The Lasala Center for Contemporary Art welcomes Signs and writings, a collective exhibition produced by the Suñol Foundation that aims to emphasize the role of sign and writing in the visual arts of the second half of the twentieth century, tracing a descriptive tour of these symbolic applications through 'a selection of works from the Suñol Soler Collection.
The exhibition aims to promote a space for reflection on the role of sign and writing in the visual arts of the second half of the twentieth century. Signs and Scriptures draws a tour of these symbolic applications, as a structuring of thought and as a later aesthetic expression.
All the works in this exhibition are part of the Suñol Soler Collection and have been made from 1972 to the present by the artists Ignasi Aballí, Antoni Tàpies, Robert Llimós, Joan Rabascall, Zush, Joana Cera, José Luis Alexanco, Sergi Aguilar, Eduardo Chillida, Miguel Salinas, Manuel Millares, Antoni Socías, Carmen Calvo, Darío Villalba, Jordi Tolosa, Fina Miralles, Jordi Sabaté, Ramon Parramon, José Manuel Broto, Jordi Teixidor, Alighiero Boetti, Miralda, Lawrence Weiner, Federico Guzmán and Carlos Pazos. The selected works reveal the recurring use of the sign and the writing in the painting, in the collage or on the tapestry, as a visual reading of the need for communication by the artist.

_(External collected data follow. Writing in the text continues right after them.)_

(* Every admissible sequence $i_n\cdots i_1$ with $i_1=1$ is equivalent to a sequence of one of the following seven types: 1. $(213)^m(21)^n$; 2. $3(213)^m(21)^n$; 3. $13(213)^m(21)^n$; 4. $(312)^m(31)^n$; 5. $2(312)^m(31)^n$; 6. $12(312)^m(31)^n$; 7. $1(21)^n$ (which is equivalent to $1(31)^n$). Here $m\ge0$ and $n\ge1$ in types 1–6, and $n\ge0$ in type 7. Moreover, this list is closed under prepending: if $\alpha$ is of one of these types and $i\in\{1,2,3\}$ differs from the first (leftmost) index of $\alpha$, then $i\alpha$ is equivalent to a sequence of one of these types.
   Context: A finite sequence $s=i_n i_{n-1}\cdots i_1$ with $i_p\in\{1,2,3\}$ (written as a word read from left to right, with $i_1$ the rightmost letter) is called admissible if adjacent indices are distinct ($i_p\neq i_{p+1}$). Admissible sequences are considered up to the equivalence relation generated by replacing any consecutive subword $iji$ by $iki$, where $\{i,j,k\}=\{1,2,3\}$. Powers denote repeated concatenation, e.g. $(21)^2=2121$ and $(213)^0$ is empty. *)

From mathcomp Require Import all_boot.
From Stdlib Require Import Relations.
Set Implicit Arguments. Unset Strict Implicit. Unset Printing Implicit Defensive.

(* A sequence i_n ... i_1 is represented as the list [:: i_n; ...; i_1]
   (leftmost letter first); letters are natural numbers 1, 2, 3. *)

Definition letter (i : nat) : bool := (i == 1) || (i == 2) || (i == 3).

Definition admissible (s : seq nat) : Prop :=
  all letter s /\ sorted (fun a b => a != b) s.

Definition triple (i j k : nat) : Prop :=
  [/\ letter i, letter j, letter k & [&& i != j, j != k & i != k]].

Definition move (s t : seq nat) : Prop :=
  exists (a b : seq nat) (i j k : nat),
    triple i j k /\ s = a ++ [:: i; j; i] ++ b /\ t = a ++ [:: i; k; i] ++ b.

Definition seq_equiv (s t : seq nat) : Prop := clos_refl_sym_trans (seq nat) move s t.

Definition wpow (w : seq nat) (n : nat) : seq nat := flatten (nseq n w).

Definition of_type (t : seq nat) : Prop :=
  (exists m n, 1 <= n /\
     (t = wpow [:: 2; 1; 3] m ++ wpow [:: 2; 1] n \/
      t = 3 :: wpow [:: 2; 1; 3] m ++ wpow [:: 2; 1] n \/
      t = 1 :: 3 :: wpow [:: 2; 1; 3] m ++ wpow [:: 2; 1] n \/
      t = wpow [:: 3; 1; 2] m ++ wpow [:: 3; 1] n \/
      t = 2 :: wpow [:: 3; 1; 2] m ++ wpow [:: 3; 1] n \/
      t = 1 :: 2 :: wpow [:: 3; 1; 2] m ++ wpow [:: 3; 1] n))
  \/ (exists n, t = 1 :: wpow [:: 2; 1] n).
Example ex_move : seq_equiv [:: 1; 2; 1] [:: 1; 3; 1].
Proof. apply rst_step. exists [::], [::], 1, 2, 3. split; [split; done | done]. Qed.

(* Fix {y, z} = {2, 3} and let B(m, n) = (y1z)^m (y1)^n, so that types 1-3
   (y = 2) and 4-6 (y = 3) read B(m, n), zB(m, n) and 1zB(m, n).  The moves
   y1y1zy -> y1z1zy -> y1zyzy -> y1zy1y give y1 B(m, n+1) ~ B(m, n+2): a pair
   y1 slides through all the blocks.  Prepending a letter to one of these
   words therefore yields a word of the same shape, possibly after one or two
   moves followed by this sliding, except that 1B(0, n) is type 7; and
   1(31)^n ~ 1(21)^n letter by letter.  The first claim follows from the
   second by induction on the length, as moves preserve the first letter. *)
From Stdlib Require Import Relations.
From mathcomp Require Import all_boot.

Set Implicit Arguments.
Unset Strict Implicit.
Unset Printing Implicit Defensive.

Lemma triple_rot i j k : triple i j k -> triple j k i.
Proof.
by case=> ? ? ? /and3P[ij jk ik]; split; rewrite // jk (eq_sym k) ik (eq_sym j) ij.
Qed.

Lemma triple_letter y z i : triple 1 y z -> letter i -> [\/ i = 1, i = y | i = z].
Proof.
rewrite /triple /letter => -[_ + + +].
move=> /orP[/orP[]|] /eqP-> /orP[/orP[]|] /eqP-> // _ /orP[/orP[]|] /eqP->.
all: by [apply: Or31 | apply: Or32 | apply: Or33].
Qed.

Lemma seq_equiv_move a b i j k : triple i j k ->
  seq_equiv (a ++ i :: j :: i :: b) (a ++ i :: k :: i :: b).
Proof. by move=> Hijk; apply: rst_step; exists a, b, i, j, k. Qed.

Lemma seq_equiv_trans s u t : seq_equiv s u -> seq_equiv u t -> seq_equiv s t.
Proof. exact: rst_trans. Qed.

Arguments seq_equiv_trans {s u t}.

Lemma seq_equiv_catl a s t : seq_equiv s t -> seq_equiv (a ++ s) (a ++ t).
Proof.
elim=> {s t} [s t [a' [b [i [j [k [Hijk [-> ->]]]]]]] | s | s t _ IH
             | s u t _ IH1 _ IH2].
- by apply: rst_step; exists (a ++ a'), b, i, j, k; rewrite !catA.
- exact: rst_refl.
- exact: rst_sym.
- exact: rst_trans IH2.
Qed.

Lemma seq_equiv_head s t : seq_equiv s t -> head 0 s = head 0 t.
Proof.
elim=> {s t} [s t [a [b [i [j [k [_ [-> ->]]]]]]] | s | s t _ IH
             | s u t _ IH1 _ IH2] //.
- by case: a.
- by rewrite IH1.
Qed.

Lemma tail_swap y z n : triple 1 y z ->
  seq_equiv (1 :: wpow [:: y; 1] n) (1 :: wpow [:: z; 1] n).
Proof.
move=> Hyz; elim: n => [|n IH]; first exact: rst_refl.
apply: seq_equiv_trans (seq_equiv_move [::] _ Hyz) _.
exact: (seq_equiv_catl [:: 1; z] IH).
Qed.

Definition blocks (y z : nat) (m n : nat) : seq nat :=
  wpow [:: y; 1; z] m ++ wpow [:: y; 1] n.

Definition block_type (y z : nat) (t : seq nat) : Prop :=
  exists m n, 1 <= n /\
    [\/ t = blocks y z m n, t = z :: blocks y z m n | t = 1 :: z :: blocks y z m n].

Definition tail_type (y : nat) (t : seq nat) : Prop :=
  exists n, t = 1 :: wpow [:: y; 1] n.

Section Blocks.

Variables y z : nat.
Hypothesis Hyz : triple 1 y z.

Let Hzy : triple z 1 y := triple_rot (triple_rot Hyz).
Let Hy1 : triple y z 1 := triple_rot Hyz.

Lemma blocks_head m n : exists w, blocks y z m n.+1 = y :: w.
Proof. by case: m; eexists. Qed.

Lemma cons_y1_blocks m n :
  seq_equiv (y :: 1 :: blocks y z m n.+1) (blocks y z m n.+2).
Proof.
elim: m => [|m IH]; first exact: rst_refl.
have [w Ew] := blocks_head m n.
have slide : seq_equiv (y :: 1 :: y :: 1 :: z :: y :: w)
                       (y :: 1 :: z :: y :: 1 :: y :: w).
  apply: seq_equiv_trans (seq_equiv_move [:: y] _ Hyz) _.
  apply: seq_equiv_trans (seq_equiv_move [:: y; 1] _ Hzy) _.
  exact: (seq_equiv_move [:: y; 1; z] _ Hy1).
rewrite /blocks /= -/(wpow _ m) -/(blocks y z m n.+1) Ew.
apply: seq_equiv_trans slide _.
rewrite -Ew.
exact: (seq_equiv_catl [:: y; 1; z] IH).
Qed.

Lemma cons_yz_blocks m n :
  seq_equiv (y :: z :: blocks y z m n.+1) (blocks y z m n.+2).
Proof.
have [w Ew] := blocks_head m n.
rewrite Ew; apply: seq_equiv_trans (seq_equiv_move [::] _ Hy1) _.
by rewrite -Ew; apply: cons_y1_blocks.
Qed.

Lemma cons_z1z_blocks m n :
  seq_equiv (z :: 1 :: z :: blocks y z m n.+1) (z :: blocks y z m n.+2).
Proof.
apply: seq_equiv_trans (seq_equiv_move [::] _ Hzy) _.
exact: (seq_equiv_catl [:: z] (cons_yz_blocks m n)).
Qed.

Lemma cons_1y1z_blocks m n :
  seq_equiv (1 :: y :: 1 :: z :: blocks y z m n.+1) (1 :: z :: blocks y z m n.+2).
Proof.
apply: seq_equiv_trans (seq_equiv_move [::] _ Hyz) _.
exact: (seq_equiv_catl [:: 1] (cons_z1z_blocks m n)).
Qed.

Lemma block_type_cons alpha i : block_type y z alpha -> letter i ->
  i != head 0 alpha ->
  exists t, (block_type y z t \/ tail_type y t) /\ seq_equiv (i :: alpha) t.
Proof.
move=> [m [[|n] [// _ Halpha]]] /(triple_letter Hyz) Hi.
have [w Ew] := blocks_head m n.
case: Halpha => ->; case: Hi => -> //=; rewrite ?Ew ?eqxx // => _; rewrite -?Ew.
- case: m Ew => [|m] Ew.
    exists (1 :: wpow [:: y; 1] n.+1); split; last exact: rst_refl.
    by right; exists n.+1.
  exists (1 :: z :: blocks y z m n.+2); split; last exact: cons_1y1z_blocks.
  by left; exists m, n.+2; split=> //; apply: Or33.
- exists (z :: blocks y z m n.+1); split; last exact: rst_refl.
  by left; exists m, n.+1; split=> //; apply: Or32.
- exists (1 :: z :: blocks y z m n.+1); split; last exact: rst_refl.
  by left; exists m, n.+1; split=> //; apply: Or33.
- exists (blocks y z m n.+2); split; last exact: cons_yz_blocks.
  by left; exists m, n.+2; split=> //; apply: Or31.
- exists (blocks y z m.+1 n.+1); split; last exact: rst_refl.
  by left; exists m.+1, n.+1; split=> //; apply: Or31.
- exists (z :: blocks y z m n.+2); split; last exact: cons_z1z_blocks.
  by left; exists m, n.+2; split=> //; apply: Or32.
Qed.

Lemma tail_type_cons alpha i : tail_type y alpha -> letter i -> i != 1 ->
  exists t, (block_type y z t \/ block_type z y t) /\ seq_equiv (i :: alpha) t.
Proof.
move=> [n ->] /(triple_letter Hyz) [-> // | -> _ | -> _].
- exists (blocks y z 0 n.+1); split; last exact: rst_refl.
  by left; exists 0, n.+1; split=> //; apply: Or31.
- exists (blocks z y 0 n.+1); split.
    by right; exists 0, n.+1; split=> //; apply: Or31.
  exact: (seq_equiv_catl [:: z] (tail_swap n Hyz)).
Qed.

End Blocks.

Definition reduces (s : seq nat) : Prop := exists t, of_type t /\ seq_equiv s t.

Lemma reduces_equiv s u : seq_equiv s u -> reduces u -> reduces s.
Proof.
by move=> Esu [t [Ht Eut]]; exists t; split=> //; apply: seq_equiv_trans Esu Eut.
Qed.

Lemma of_type_reduces t : of_type t -> reduces t.
Proof. by move=> Ht; exists t; split=> //; apply: rst_refl. Qed.

Lemma of_typeE t :
  of_type t <-> [\/ block_type 2 3 t, block_type 3 2 t | tail_type 2 t].
Proof.
split=> [[[m [n [Hn Ht]]] | Htail] | ]; [ | exact: Or33 | ].
- case: Ht => [|[|[|[|[|]]]]] ->;
    [apply: Or31 | apply: Or31 | apply: Or31 | apply: Or32 | apply: Or32 | apply: Or32];
    exists m, n; split=> //; by [apply: Or31 | apply: Or32 | apply: Or33].
- case=> [[m [n [Hn [] ->]]] | [m [n [Hn [] ->]]] | Htail]; last by right.
  all: by left; exists m, n; split=> //; tauto.
Qed.

Lemma of_type_cons alpha i : of_type alpha -> letter i -> i != head 0 alpha ->
  reduces (i :: alpha).
Proof.
have T23 : triple 1 2 3 by [].
have T32 : triple 1 3 2 by [].
move=> /of_typeE [] Halpha Hi Hh.
- have [t [[Ht|Ht] E]] := block_type_cons T23 Halpha Hi Hh;
    apply: reduces_equiv E _; apply: of_type_reduces; apply/of_typeE.
    exact: Or31.
  exact: Or33.
- have [t [[Ht|[n ->]] E]] := block_type_cons T32 Halpha Hi Hh;
    apply: reduces_equiv E _.
    by apply: of_type_reduces; apply/of_typeE; apply: Or32.
  apply: reduces_equiv (tail_swap n T32) _.
  by apply: of_type_reduces; right; exists n.
- have Hi1 : i != 1 by case: Halpha Hh => n ->.
  have [t [Ht E]] := tail_type_cons T23 Halpha Hi Hi1.
  apply: reduces_equiv E _; apply: of_type_reduces; apply/of_typeE.
  by case: Ht => Ht; [apply: Or31 | apply: Or32].
Qed.

Lemma reduces_cons x s : letter x -> x != head 0 s -> reduces s -> reduces (x :: s).
Proof.
move=> Hx Hxs [t [Ht E]]; apply: reduces_equiv (seq_equiv_catl [:: x] E) _.
by apply: of_type_cons; rewrite // -(seq_equiv_head E).
Qed.

Lemma admissible_reduces s : admissible s -> last 0 s = 1 -> reduces s.
Proof.
elim: s => [|x s IH] //; case: s IH => [|y s] IH [Hl Hs] Hlast.
  by rewrite /= in Hlast; subst x; apply: of_type_reduces; right; exists 0.
move: Hl Hs => /= /andP[Hx Hl] /andP[Hxy Hs].
by apply: reduces_cons => //; apply: IH (conj Hl Hs) Hlast.
Qed.

Theorem mainTheorem16 :
  (forall s : seq nat, admissible s -> last 0 s = 1 ->
     exists t, of_type t /\ seq_equiv s t)
  /\
  (forall (alpha : seq nat) (i : nat), of_type alpha -> letter i ->
     i != head 0 alpha ->
     exists t, of_type t /\ seq_equiv (i :: alpha) t).
Proof. split; [exact: admissible_reduces | exact: of_type_cons]. Qed.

Works by Robert Llimós, Antoni Tàpies and Zush offer us a certain vision of the creative process and the manifestation of an unpublished and unique language, along with artists such as Ignasi Aballí, Darío Villalba, Carlos Pazos and Joan Rabascall, who show in different works more explicit narratives. All of these pieces use sign, alphabet, or writing as structural elements of composition. And it is possible that this unanimous concern results from a specific sensitivity in the second half of the twentieth century, a time when the study of language permeabilizes all fields of knowledge.
In particular, new unknowns arise in art, once many of the figurative referents of the European artistic tradition of previous centuries have been lost, and together with the new definitions of semiology, by Ferdinand de Saussure, the relations are clarified. between the sender and the recipient, who will have to interpret new codes. Later, Roland Barthes proposes a system to deepen the understanding of language and society, understood as a construction perpetuated by the symbolism of the own cultural values of each community. Semiology, not as a process but as an attitude, acquires a specific functionality with Barthes. On the other hand, a reading of Umberto Eco's work instructs us on the protagonist's leading role as a creator of new meanings in the work of art he faces, developing a perceptual, imaginative or creative behavior. of the receiver, which will be governed by a system of universal interpretation.
The combination of all these elements has led to artistic contributions of multiple polysemy that this exhibition aims to show, with the sign or writing as the backbone of aesthetic language, the iconography of material strokes of which draws the artist's thought and it is genetically contained in its signs, in the world of its ideas.